Every Seattle voter would be a campaign donor if this initiative passes
The most-funded item on Seattle’s November ballot isn’t a candidate. It’s a ballot measure called Honest Elections, and almost all its funding comes from a few East Coast donors.
Under the Honest Elections plan, every voter would be a donor. Before a city election, voters would receive four $25 vouchers in the mail. Voters pick their favorite candidates and mail in their vouchers.
That effort has attracted more than $370,000 in campaign contributions.
Alan Durning, the executive director of the Sightline Institute, said campaign vouchers would be a first in the country.
“The purpose of the ‘democracy voucher’ system is to give every voter in the city a chance to become a political donor,” Durning said.
Seattle’s campaign contributions are currently given by just 1.5 percent of its voters. Other places that offer public funding through grants or tax credits have seen participation rates of 5 percent. Durning’s goal would be to exceed that.
He said he doesn’t foresee a Seattle backlash to the outside funding flowing in. While people and groups outside of Washington have given the bulk of donations to Initiative 122, he said it’s locally designed. He said national groups were attracted to the Seattle effort.
Durning said these groups hope to replicate the vouchers elsewhere if the measure passes.
The initiative goes beyond the vouchers to implement other changes to ethics, transparency and lobbying rules. It would cap campaign contributions and ban city contractors and business partners from donating to campaigns.
Durning said recent donations from the ride-booking company Lyft are an example of the types of contributions that would no longer be permitted.
“In the 2013 cycle, Lyft was lobbying the city to change the taxi rules,” he said. “It was also spreading money around in direct gifts to candidates. One of the provisions in the initiative is to ban contributions from entities that spend large amounts of money on lobbying.”

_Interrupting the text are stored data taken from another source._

(* Let $m,g>0$ and $0<c<1$, and consider the hybrid system on $(x,y)\in T^*\mathbb{R}^+$: $$\dot x=\tfrac{1}{m}y,\quad \dot y=-mg\quad (x>0);\qquad (x,y)\mapsto(x,-c^2y)\quad (x=0,\ y<0).$$ For initial data $(x_0,y_0)$ with $x_0\ge 0$ (and $y_0>0$ if $x_0=0$) let $\zeta(x_0,y_0)$ be the Zeno time, i.e. the limit of the impact times: $$\zeta(x_0,y_0)=\frac{1}{mg}\Big(y_0+\sqrt{y_0^2+2m^2gx_0}\Big)+\frac{2c^2}{mg(1-c^2)}\sqrt{y_0^2+2m^2gx_0}.$$ Fix $y_0>0$ and consider the trajectory from $(0,y_0)$, with Zeno time $t_Z=\frac{2y_0}{mg(1-c^2)}$. Let $\Phi(t)$ be the state-transition matrix of the hybrid variational equation $\delta\dot z=A\,\delta z$ between impacts and $\delta z^+=J(y^-)\,\delta z^-$ at impacts, where $$A=\begin{bmatrix}0&1/m\\0&0\end{bmatrix},\qquad J(y)=\begin{bmatrix}-c^2&0\\-\frac{m^2g}{y}(1+c^2)&-c^2\end{bmatrix},$$ $y^-<0$ being the momentum just before the impact, and $\Phi(0)=I$. Then the limit $\Phi_Z=\lim_{t\nearrow t_Z}\Phi(t)$ exists and equals $$\Phi_Z=\begin{bmatrix}0&0\\ \frac{m^2g}{y_0}\frac{1+c^2}{1-c^2}&\frac{2}{1-c^2}\end{bmatrix},$$ so $\det\Phi_Z=0$, and moreover $\ker d\zeta_{(0,y_0)}=\ker\Phi_Z$ (both spanned by $(-2y_0,\ m^2g(1+c^2))^\top$).
   Context: $J(y)$ is the saltation (hybrid Jacobian) matrix of the reset at the guard $x=0$. The product defining $\Phi$ multiplies successive factors on the left. *)

From HB Require Import structures.
From mathcomp Require Import all_boot all_order all_algebra.
From mathcomp Require Import all_classical all_reals all_analysis.
Set Implicit Arguments. Unset Strict Implicit. Unset Printing Implicit Defensive.
Import Order.TTheory GRing.Theory Num.Theory.
Local Open Scope ring_scope.

Section BouncingBall.
Variable R : realType.

Definition mx2 (a b c d : R) : 'M[R]_2 :=
  \matrix_(i < 2, j < 2)
    if (i : nat) == 0%N then (if (j : nat) == 0%N then a else b)
    else (if (j : nat) == 0%N then c else d).

Definition col2 (a b : R) : 'cV[R]_2 :=
  \col_(i < 2) if (i : nat) == 0%N then a else b.

Definition Amat (m : R) : 'M[R]_2 := mx2 0 m^-1 0 0.

(* exp(s A) = I + s A, since A^2 = 0 *)
Definition flowA (m s : R) : 'M[R]_2 := 1%:M + s *: Amat m.

Definition Jmat (m g c y : R) : 'M[R]_2 :=
  mx2 (- c ^+ 2) 0 (- (m ^+ 2 * g / y) * (1 + c ^+ 2)) (- c ^+ 2).

(* post-impact momenta along the trajectory from (0, y0):
   yplus 0 = y0 (initial momentum); yplus (k+1) = - c^2 * (pre-impact momentum) *)
Fixpoint yplus (c y0 : R) (k : nat) : R :=
  match k with
  | 0%N => y0
  | k'.+1 => - c ^+ 2 * (- yplus c y0 k')
  end.

(* momentum just before the (k+1)-th impact: a flight started at x = 0
   with momentum p > 0 returns to x = 0 with momentum -p *)
Definition yminus (c y0 : R) (k : nat) : R := - yplus c y0 k.

(* duration of a flight started at x = 0 with momentum p:
   x(t) = p t / m - g t^2 / 2 vanishes again at t = 2 p / (m g) *)
Definition flight (m g p : R) : R := 2 * p / (m * g).

(* t_0 = 0; t_(k+1) = time of the (k+1)-th impact *)
Definition impact_time (m g c y0 : R) (k : nat) : R :=
  \sum_(j < k) flight m g (yplus c y0 j).

(* state-transition matrix just after the k-th impact (P 0 = I);
   successive factors multiply on the left *)
Fixpoint Pimp (m g c y0 : R) (k : nat) : 'M[R]_2 :=
  match k with
  | 0%N => 1%:M
  | k'.+1 => Jmat m g c (yminus c y0 k') *m flowA m (flight m g (yplus c y0 k'))
               *m Pimp m g c y0 k'
  end.

Definition zeta (m g c : R) (z : 'cV[R]_2) : R :=
  let x0 := z 0 0 in let y0 := z 1 0 in
  (m * g)^-1 * (y0 + Num.sqrt (y0 ^+ 2 + 2 * m ^+ 2 * g * x0))
  + 2 * c ^+ 2 / (m * g * (1 - c ^+ 2)) * Num.sqrt (y0 ^+ 2 + 2 * m ^+ 2 * g * x0).
(* Let $(S^\Omega,\mathcal T)$ be a resource theory with a fair currency $\mathcal C$ (value function $\mathrm{Val}$) for a target $\mathcal S$. Then for all $V,W\in\mathcal S$ and every $\varepsilon>0$, $$\mathrm{Balance}(V\to W)\ge\mathrm{Yield}(V)-\mathrm{Cost}(W)-\varepsilon,$$ and the same holds with $\varepsilon=0$ when $\mathrm{Yield}(V)$ and $\mathrm{Cost}(W)$ are attained by currency elements. If moreover $\mathcal C$ is tight for both $V$ and $W$, then $$\mathrm{Balance}(V\to W)=\mathrm{Yield}(V)-\mathrm{Cost}(W)=\mathrm{Cost}(V)-\mathrm{Cost}(W).$$
   Context: A resource theory $(S^\Omega,\mathcal T)$ consists of a set $\Omega$, the specification space $S^\Omega$ of all non-empty subsets of $\Omega$ (resources), and a set $\mathcal T$ of maps $f:S^\Omega\to S^\Omega$ acting element-wise, $f(V)=\bigcup_{\nu\in V} f(\{\nu\})$. $V\to W$ iff some $f\in\mathcal T$ has $f(V)\subseteq W$; $\to$ is assumed to be a pre-order. $\mathcal C\subseteq S^\Omega$ is a currency for target $\mathcal S\subseteq S^\Omega$ if (Order) any two elements of $\mathcal C$ are comparable under $\to$ and $\Omega\in\mathcal C$; (Universality) $\Omega\in\mathcal S$ and every $V\in\mathcal S$ has $C,C'\in\mathcal C$ with $C\to V$, $V\to C'$. A value function $\mathrm{Val}:\mathcal C\to\mathbb R_{\ge0}$ satisfies $\mathrm{Val}(C')\ge\mathrm{Val}(C)\iff C'\to C$ and $\mathrm{Val}(\Omega)=0$; $c_{\sup}=\sup_{C\in\mathcal C}\mathrm{Val}(C)$ (possibly $\infty$). $\mathrm{Cost}(V)=\inf\{\mathrm{Val}(C): C\in\mathcal C,\ C\to V\}$, $\mathrm{Yield}(V)=\sup\{\mathrm{Val}(C): C\in\mathcal C,\ V\to C\}$. The currency is tight for $V$ if there is $C\in\mathcal C$ with $C\to V$ and $V\to C$. Independence: $C\cap V\ne\emptyset$ for all $C\in\mathcal C,V\in\mathcal S$, and $C\to C'$ implies $C\cap V\to C'\cap V$ for all $V\in\mathcal S$. Balance: $\mathrm{Balance}(V\to W\mid C)=\sup\{\mathrm{Val}(C')-\mathrm{Val}(C): C'\in\mathcal C,\ V\cap C\to W\cap C'\}$ (with $\sup\emptyset=-\infty$) and $\mathrm{Balance}(V\to W)=\sup_{C\in\mathcal C}\mathrm{Balance}(V\to W\mid C)$. Fairness: $\mathcal C$ is independent of $\mathcal S$, and for all $V,W\in\mathcal S$ and $C_1,C_2\in\mathcal C$ with $V\cap C_1\to W\cap C_2$, setting $\Delta=\mathrm{Val}(C_2)-\mathrm{Val}(C_1)$: (F1) for every $C_1'\in\mathcal C$ with $-\Delta\le\mathrm{Val}(C_1')<c_{\sup}-\Delta$ there is $C_2'\in\mathcal C$ with $V\cap C_1'\to W\cap C_2'$ and $\mathrm{Val}(C_2')-\mathrm{Val}(C_1')=\Delta$; (F2) for every $C_2'\in\mathcal C$ with $\Delta\le\mathrm{Val}(C_2')$ there is $C_1'\in\mathcal C$ with $V\cap C_1'\to W\cap C_2'$ and $\mathrm{Val}(C_2')-\mathrm{Val}(C_1')=\Delta$. *)

From Stdlib Require Import Reals Lra Classical ClassicalEpsilon.
Open Scope R_scope.
Set Implicit Arguments.
Unset Strict Implicit.

Inductive Rbar : Type := Fin (r : R) | PInf | MInf.

Definition Rbar_le (x y : Rbar) : Prop :=
  match x, y with
  | MInf, _ => True
  | _, PInf => True
  | Fin a, Fin b => a <= b
  | _, _ => False
  end.

Definition Rbar_lt (x y : Rbar) : Prop := Rbar_le x y /\ x <> y.

Definition Rbar_opp (x : Rbar) : Rbar :=
  match x with Fin a => Fin (- a) | PInf => MInf | MInf => PInf end.

(* The case PInf + MInf never occurs below (Cost is always finite);
   we fix an arbitrary convention for it. *)
Definition Rbar_plus (x y : Rbar) : Rbar :=
  match x, y with
  | Fin a, Fin b => Fin (a + b)
  | PInf, MInf | MInf, PInf => MInf
  | PInf, _ | _, PInf => PInf
  | _, _ => MInf
  end.

Definition Rbar_minus (x y : Rbar) : Rbar := Rbar_plus x (Rbar_opp y).

Definition is_sup_Rbar (P : Rbar -> Prop) (s : Rbar) : Prop :=
  (forall x, P x -> Rbar_le x s) /\
  (forall u, (forall x, P x -> Rbar_le x u) -> Rbar_le s u).

Definition is_inf_Rbar (P : Rbar -> Prop) (s : Rbar) : Prop :=
  (forall x, P x -> Rbar_le s x) /\
  (forall u, (forall x, P x -> Rbar_le u x) -> Rbar_le u s).

(* sup / inf (they always exist in the extended reals; sup of the empty set is MInf) *)
Definition Rbar_sup (P : Rbar -> Prop) : Rbar :=
  epsilon (inhabits MInf) (is_sup_Rbar P).
Definition Rbar_inf (P : Rbar -> Prop) : Rbar :=
  epsilon (inhabits PInf) (is_inf_Rbar P).

Section RT.
Variable Omega : Type.

(* subsets of Omega; the specification space S^Omega = non-empty subsets *)
Definition rset := Omega -> Prop.
Definition nonempty (V : rset) : Prop := exists x, V x.
Definition fullset : rset := fun _ => True.
Definition inter (V W : rset) : rset := fun x => V x /\ W x.
Definition subset (V W : rset) : Prop := forall x, V x -> W x.

(* A map f : S^Omega -> S^Omega acting element-wise is determined by
   nu |-> f({nu}); we represent it by that function  g : Omega -> rset,
   so that f(V) = \bigcup_{nu in V} g nu. *)
Definition elem_map := Omega -> rset.
Definition apply_map (g : elem_map) (V : rset) : rset :=
  fun y => exists nu, V nu /\ g nu y.

Definition reaches (T : elem_map -> Prop) (V W : rset) : Prop :=
  exists g, T g /\ subset (apply_map g V) W.

(* (S^Omega, T) is a resource theory: maps send S^Omega into S^Omega,
   and -> is a pre-order on S^Omega. *)
Definition is_resource_theory (T : elem_map -> Prop) : Prop :=
  (forall g, T g -> forall nu, nonempty (g nu)) /\
  (forall V, nonempty V -> reaches T V V) /\
  (forall U V W, nonempty U -> nonempty V -> nonempty W ->
     reaches T U V -> reaches T V W -> reaches T U W).

Variable T : elem_map -> Prop.
Variable Cc : rset -> Prop.
Variable Ss : rset -> Prop.
Variable Val : rset -> R.     (* value function, relevant on C only *)

Definition is_currency : Prop :=
  (forall C, Cc C -> nonempty C) /\
  (forall V, Ss V -> nonempty V) /\
  (forall C C', Cc C -> Cc C' -> reaches T C C' \/ reaches T C' C) /\
  Cc fullset /\
  Ss fullset /\
  (forall V, Ss V ->
     (exists C, Cc C /\ reaches T C V) /\ (exists C', Cc C' /\ reaches T V C')).

Definition is_value_function : Prop :=
  (forall C, Cc C -> 0 <= Val C) /\
  (forall C C', Cc C -> Cc C' -> (Val C' >= Val C <-> reaches T C' C)) /\
  Val fullset = 0.

Definition c_sup : Rbar := Rbar_sup (fun x => exists C, Cc C /\ x = Fin (Val C)).

Definition Cost (V : rset) : Rbar :=
  Rbar_inf (fun x => exists C, Cc C /\ reaches T C V /\ x = Fin (Val C)).

Definition Yield (V : rset) : Rbar :=
  Rbar_sup (fun x => exists C, Cc C /\ reaches T V C /\ x = Fin (Val C)).

Definition tight_for (V : rset) : Prop :=
  exists C, Cc C /\ reaches T C V /\ reaches T V C.

Definition independent : Prop :=
  (forall C V, Cc C -> Ss V -> nonempty (inter C V)) /\
  (forall C C', Cc C -> Cc C' -> reaches T C C' ->
     forall V, Ss V -> reaches T (inter C V) (inter C' V)).

(* Balance(V -> W | C) ; sup of the empty set is MInf *)
Definition Balance_cond (V W C : rset) : Rbar :=
  Rbar_sup (fun x => exists C', Cc C' /\
     reaches T (inter V C) (inter W C') /\ x = Fin (Val C' - Val C)).
(** * The heat equation on a box *)

(* Weak minimum principle for strict supersolutions of the heat equation [z_t = z_xx / 2]:
   at an interior negative minimum we would have [z_t <= 0], [z_x = 0] and [z_xx >= 0]. *)
Lemma heat_strict_supersolution_nonneg (z zt zx zxx : R -> R -> R) T a b :
  0 < T -> a < b -> continuous2 z ->
  (forall t x, derivable_pt_lim (fun s => z s x) t (zt t x)) ->
  (forall t x, derivable_pt_lim (fun w => z t w) x (zx t x)) ->
  (forall t x, derivable_pt_lim (fun w => zx t w) x (zxx t x)) ->
  (forall t x, 0 < t <= T -> a < x < b -> / 2 * zxx t x < zt t x) ->
  (forall x, a <= x <= b -> 0 <= z 0 x) ->
  (forall t, 0 <= t <= T -> 0 <= z t a /\ 0 <= z t b) ->
  forall t x, 0 <= t <= T -> a <= x <= b -> 0 <= z t x.
Proof.
  intros HT Hab Hc Hzt Hzx Hzxx Hpde Hinit Hbd.
  destruct (continuous2_attains_min_on_rectangle z T a b ltac:(lra) ltac:(lra) Hc)
    as [ts [xs [Hts [Hxs Hmin]]]].
  intros t x Ht Hx. apply Rle_trans with (z ts xs); [|apply Hmin; auto].
  apply Rnot_lt_le. intro Hneg.
  assert (Hts0 : 0 < ts).
  { destruct (Req_dec ts 0) as [E|E]; [|lra]. subst. pose proof (Hinit xs Hxs). lra. }
  assert (Hxab : a < xs < b).
  { pose proof (Hbd ts Hts). destruct (Req_dec xs a) as [->|]; [lra|].
    destruct (Req_dec xs b) as [->|]; lra. }
  assert (Ht1 : zt ts xs <= 0).
  { apply (derivative_nonpos_at_left_min (fun s => z s xs) ts _ ts); auto.
    intros h Hh. apply Hmin; lra. }
  assert (Hx1 : zx ts xs <= 0).
  { apply (derivative_nonpos_at_left_min (fun w => z ts w) xs _ (xs - a)); auto; [lra|].
    intros h Hh. apply Hmin; lra. }
  assert (Hx2 : 0 <= zxx ts xs).
  { apply (second_derivative_nonneg_at_right_min (fun w => z ts w) (fun w => zx ts w) xs _
      (b - xs)); auto; [lra|].
    intros h Hh. apply Hmin; lra. }
  pose proof (Hpde ts xs ltac:(lra) Hxab). lra.
Qed.

Section HeatBox.

Variables (u ut ux uxx : R -> R -> R) (T y D : R).
Hypotheses (HT : 0 < T) (HD : 0 < D) (Hu : continuous2 u)
  (Hut : forall t x, derivable_pt_lim (fun s => u s x) t (ut t x))
  (Hux : forall t x, derivable_pt_lim (fun w => u t w) x (ux t x))
  (Huxx : forall t x, derivable_pt_lim (fun w => ux t w) x (uxx t x))
  (Hheat : forall t x, 0 <= t <= T -> y - D <= x <= y + D -> ut t x = / 2 * uxx t x)
  (Hle1 : forall t x, 0 <= t <= T -> y - D <= x <= y + D -> u t x <= 1).

(* [c + (1/D^2 + k) t + (x - y)^2 / D^2] is a strict supersolution that dominates [u] on the
   parabolic boundary of the box. *)
Lemma heat_barrier_le c k :
  0 <= c -> 0 < k -> (forall x, y - D <= x <= y + D -> u 0 x <= c) ->
  forall t, 0 <= t <= T -> u t y <= c + (/ (D * D) + k) * t.
Proof.
  intros Hc Hk Hinit t Ht.
  set (iD := / (D * D)).
  assert (HiD : 0 < iD) by (unfold iD; apply Rinv_0_lt_compat; nra).
  set (z := fun s x => c + (iD + k) * s + iD * ((x - y) * (x - y)) - u s x).
  assert (Hz : 0 <= z t y).
  { apply (heat_strict_supersolution_nonneg z (fun s x => iD + k - ut s x)
      (fun s x => iD * (2 * (x - y)) - ux s x) (fun s x => 2 * iD - uxx s x) T (y - D) (y + D));
      auto; try lra.
    - apply (continuous2_add_sub (fun s => c + (iD + k) * s) (fun x => iD * ((x - y) * (x - y))) u);
        auto; intros; reg.
    - intros s x. replace (iD + k - ut s x) with (iD + k + 0 * (2 * (s - 0)) - ut s x) by ring.
      refine (derivable_pt_lim_ext _ _ _ _ _ (derivable_pt_lim_quadratic_sub _ s _
        (c + iD * ((x - y) * (x - y))) (iD + k) 0 0 (Hut s x))).
      intro; unfold z; cbv beta; ring.
    - intros s x.
      replace (iD * (2 * (x - y)) - ux s x) with (0 + iD * (2 * (x - y)) - ux s x) by ring.
      refine (derivable_pt_lim_ext _ _ _ _ _ (derivable_pt_lim_quadratic_sub _ x _
        (c + (iD + k) * s) 0 iD y (Hux s x))).
      intro; unfold z; cbv beta; ring.
    - intros s x. replace (2 * iD - uxx s x) with (2 * iD + 0 * (2 * (x - y)) - uxx s x) by ring.
      refine (derivable_pt_lim_ext _ _ _ _ _ (derivable_pt_lim_quadratic_sub _ x _
        0 (2 * iD) 0 y (Huxx s x))).
      intro; ring.
    - intros s x Hs Hx. rewrite Hheat by lra. lra.
    - intros x Hx. unfold z. pose proof (Hinit x Hx).
      assert (0 <= iD * ((x - y) * (x - y))) by (apply Rmult_le_pos; [lra|apply Rle_0_sqr]). lra.
    - intros s Hs. unfold z.
      pose proof (Hle1 s (y - D) Hs ltac:(lra)). pose proof (Hle1 s (y + D) Hs ltac:(lra)).
      replace ((y - D - y) * (y - D - y)) with (D * D) by ring.
      replace ((y + D - y) * (y + D - y)) with (D * D) by ring.
      unfold iD. rewrite Rinv_l by nra.
      assert (0 <= (/ (D * D) + k) * s) by (apply Rmult_le_pos; unfold iD in HiD; lra).
      split; lra. }
  unfold z in Hz. replace ((y - y) * (y - y)) with 0 in Hz by ring. lra.
Qed.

According to the Seattle Ethics and Elections Commission, Lyft made contributions in 2013 to Mayor Ed Murray, former Mayor Mike McGinn, and council members Richard Conlin and Mike O’Brien.
The initiative would impose a property tax (about $8 per year for the median homeowner) to generate $3 million dollars to fund the vouchers. All voucher donations would be tracked and publicly reported, and backers expect to create an online system for making the donations in addition to the paper one mailed to voters. Durning said their models show that even with the dozens of Seattle candidates in the recent August primary, the voucher funding would have been sufficient.
Opponents say they don’t trust the funding model and the system would be expensive and cumbersome to administer.
Bob Mahon is a former member of Seattle’s Ethics and Elections Commission. He’s supporting the group “No Elections Vouchers,” which has raised just $780. He said the voucher system would favor political incumbents that get to voters early in the race and well-organized groups that tell their members who to support.
“There’s a danger of these being used to benefit the very forces that the proponents are suggesting would be undermined by this,” Mahon said.
He said Seattle already has clean elections and lower contribution limits than many other cities. He said shrinking the limits further would just drive money into independent expenditures.
“Well-meaning intentions to drive money out have failed,” he said, “and we’ve instead moved it to sources that are less transparent and less accountable.”
Mahon said time can be more valuable than money in local elections because there are only so many mailings people can read. He said instead of seeking vouchers, voters should volunteer on behalf of a campaign.
“That’s ultimately going to be more important to many of these city council candidates, many mayoral candidates, than the cash,” he said.
Supporters of the initiative say a different public financing measure for campaigns failed narrowly in 2013, and they expect the vouchers proposal to be much stronger.